До поздней ночи Снегирев провозился с Крупениным. Он ругал его, пил с ним, снова ругал. Он уговорил его принять прохладную ванну — и ушел без сил, когда Василий Степаныч захрапел на полуслове, опустив всклокоченную голову на грудь и уютно сцепив руки на животе, выпирающем из пижамных штанов.
— Ох, устал. Завтра расскажу, — сказал, вернувшись домой, Валерий Павлович. — Алеша спит?
— Да.
Он выслушал восторженный отчет о новых звонках по поводу опровержения.
— Как его дела?
Мария Ивановна не сразу поняла, что муж снова спросил об Алеше.
— Все в порядке.
— Ты говорила, что он роздал марки?
— Да. Он почему-то потерял интерес к маркам. Может быть, просто вырос?
— А вот ты однажды сказала: «Его нельзя узнать». В каком смысле?
— Я так сказала? Не помню. Почему ты заинтересовался?
— Просто так. Как он учится?
— Хорошо. У него только по истории тройка. Ты будешь ужинать?
— Нет.
Они пожелали друг другу спокойной ночи.
Валерий Павлович принял снотворное, переоделся, но не стал ложиться, а, почитав немного, прошел к сыну. В Алешиной комнате было прохладно, форточка открыта, лампочка уютно светилась в глубине стоявшего на ночном столике молочного, матового шара. Мальчик спал в странной, неудобной позе, которую Мария Ивановна считала полезной — на спине, с лежащими поверх одеяла руками.

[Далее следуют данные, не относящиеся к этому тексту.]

(* Let $\Phi:\{0,1\}^n\to\{0,1\}^n$ and let $\mu\in\{0,1\}^n$ be a fixed point of $\Phi$. Then: a) $\overline{W}(\mu)=\{\mu'\in\mathbf{B}^n:\exists\rho'\in P_n,\ \lim_{t\to\infty}\Phi^{\rho'}(\mu',t)=\mu\}$ and $\underline{W}(\mu)=\{\mu'\in\mathbf{B}^n:\forall\rho'\in P_n,\ \lim_{t\to\infty}\Phi^{\rho'}(\mu',t)=\mu\}$; b) $\{\mu\}\subset\underline{W}(\mu)\subset\overline{W}(\mu)$; in particular $\mu$ is p-attractive and n-attractive (i.e. $\overline{W}(\mu)\ne\emptyset$ and $\underline{W}(\mu)\neq\emptyset$); c) $\overline{W}(\mu)$ is p-invariant and $\underline{W}(\mu)$ is n-invariant.
   Context: Let $\mathbf{B}=\{0,1\}$ (discrete topology), $n\ge 1$, and $\Phi:\mathbf{B}^n\to\mathbf{B}^n$. For $\nu\in\mathbf{B}^n$ define $\Phi^\nu_i(\mu)=\mu_i$ if $\nu_i=0$ and $\Phi^\nu_i(\mu)=\Phi_i(\mu)$ if $\nu_i=1$. Put $\Phi^{\alpha^0\dots\alpha^k}=\Phi^{\alpha^k}\circ\cdots\circ\Phi^{\alpha^0}$. A sequence $(\alpha^k)_{k\in\mathbf{N}}$ in $\mathbf{B}^n$ is progressive if each set $\{k:\alpha^k_i=1\}$, $i=1,\dots,n$, is infinite. $Seq$ is the set of strictly increasing real sequences unbounded above. $P_n$ is the set of $\rho:\mathbf{R}\to\mathbf{B}^n$ with $\rho(t_k)=\alpha^k$ and $\rho(t)=0$ for $t\notin\{t_k\}$, $\alpha$ progressive, $(t_k)\in Seq$. Orbit: $\Phi^\rho(\mu,t)=\mu$ for $t<t_0$, $=\Phi^{\alpha^0\dots\alpha^k}(\mu)$ for $t\in[t_k,t_{k+1})$; $Or_\rho(\mu)=\{\Phi^\rho(\mu,t):t\in\mathbf{R}\}$. For $x:\mathbf{R}\to\mathbf{B}^n$, $\lim_{t\to\infty}x(t)=x(t')$ means there is $t'$ with $x(t)=x(t')$ for all $t\ge t'$. $\omega_\rho(\mu)=\{\mu':\exists(s_k)\in Seq,\ \Phi^\rho(\mu,s_k)=\mu'$ for all large $k\}$. $\overline{W}(\mu)=\{\mu':\exists\rho'\in P_n,\ \omega_{\rho'}(\mu')\subset\{\mu\}\}$, $\underline{W}(\mu)=\{\mu':\forall\rho'\in P_n,\ \omega_{\rho'}(\mu')\subset\{\mu\}\}$. A nonempty set $A\subset\mathbf{B}^n$ is p-invariant if for every $\mu\in A$ there is $\rho\in P_n$ with $Or_\rho(\mu)\subset A$, and n-invariant if for every $\mu\in A$ and every $\rho\in P_n$, $Or_\rho(\mu)\subset A$. *)

From mathcomp Require Import all_boot.
From Stdlib Require Import Reals ClassicalEpsilon.
Unset Printing Implicit Defensive.

Definition Bn (n : nat) := {ffun 'I_n -> bool}.
Definition zeroB (n : nat) : Bn n := [ffun => false].

Definition Phi_nu {n : nat} (Phi : Bn n -> Bn n) (nu : Bn n) (mu : Bn n) : Bn n :=
  [ffun i => if nu i then Phi mu i else mu i].

Fixpoint Phi_seq {n : nat} (Phi : Bn n -> Bn n) (alpha : nat -> Bn n) (k : nat) (mu : Bn n)
  : Bn n :=
  match k with
  | O => Phi_nu Phi (alpha O) mu
  | S k' => Phi_nu Phi (alpha k) (Phi_seq Phi alpha k' mu)
  end.

Definition progressive {n : nat} (alpha : nat -> Bn n) : Prop :=
  forall (i : 'I_n) (N : nat), exists k, (N <= k)%nat /\ alpha k i = true.

Definition InSeq (t : nat -> R) : Prop :=
  (forall k, Rlt (t k) (t (S k))) /\ (forall M : R, exists k, Rlt M (t k)).

Definition Pn_rep {n : nat} (rho : R -> Bn n) (alpha : nat -> Bn n) (t : nat -> R) : Prop :=
  progressive alpha /\ InSeq t /\
  (forall k, rho (t k) = alpha k) /\
  (forall s : R, (forall k, s <> t k) -> rho s = zeroB n).

Definition in_Pn {n : nat} (rho : R -> Bn n) : Prop := exists alpha t, Pn_rep rho alpha t.

Definition orbit_rel {n : nat} (Phi : Bn n -> Bn n) (alpha : nat -> Bn n) (t : nat -> R)
  (mu : Bn n) (s : R) (x : Bn n) : Prop :=
  (Rlt s (t O) /\ x = mu) \/
  (exists k, Rle (t k) s /\ Rlt s (t (S k)) /\ x = Phi_seq Phi alpha k mu).

(* For (alpha,t) with t in Seq, orbit_rel is functional and total, so this picks
   the unique value. *)
Definition phi_orbit {n : nat} (Phi : Bn n -> Bn n) (alpha : nat -> Bn n) (t : nat -> R)
  (mu : Bn n) (s : R) : Bn n :=
  epsilon (inhabits mu) (orbit_rel Phi alpha t mu s).

Definition Orb {n : nat} (Phi : Bn n -> Bn n) alpha t (mu : Bn n) : Bn n -> Prop :=
  fun x => exists s : R, phi_orbit Phi alpha t mu s = x.

Definition lim_is {n : nat} (x : R -> Bn n) (m : Bn n) : Prop :=
  exists t' : R, (forall s, Rle t' s -> x s = x t') /\ x t' = m.

Definition omega {n : nat} (Phi : Bn n -> Bn n) alpha t (mu : Bn n) : Bn n -> Prop :=
  fun mu' => exists sk : nat -> R, InSeq sk /\
    exists K, forall k, (K <= k)%nat -> phi_orbit Phi alpha t mu (sk k) = mu'.

Definition W_over {n : nat} (Phi : Bn n -> Bn n) (mu : Bn n) : Bn n -> Prop :=
  fun mu' => exists rho alpha t, Pn_rep rho alpha t /\
    (forall x, omega Phi alpha t mu' x -> x = mu).

Definition W_under {n : nat} (Phi : Bn n -> Bn n) (mu : Bn n) : Bn n -> Prop :=
  fun mu' => forall rho alpha t, Pn_rep rho alpha t ->
    (forall x, omega Phi alpha t mu' x -> x = mu).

Руки были длинные, узкие, и все тело мальчишески узкое, вытянувшееся под тонким одеялом. Грудь поднималась чуть заметно.
Наклонившись над постелью, Снегирев внимательно смотрел на Алешу. Так он простоял долго, сам не зная зачем и ничего, кажется, не желая. Вдруг веки у мальчика дрогнули.
— Спишь? — чуть слышно спросил Валерий Павлович.
Веки все дрожали, но теперь уже как-то иначе, чем прежде.
Валерий Павлович быстро выпрямился. Ему стало страшно; холод пробежал по спине, сердце пропустило удар, забилось быстро и опять пропустило.
Теперь он наверное знал, что Алеша не спит, но спросить его снова было уже невозможно.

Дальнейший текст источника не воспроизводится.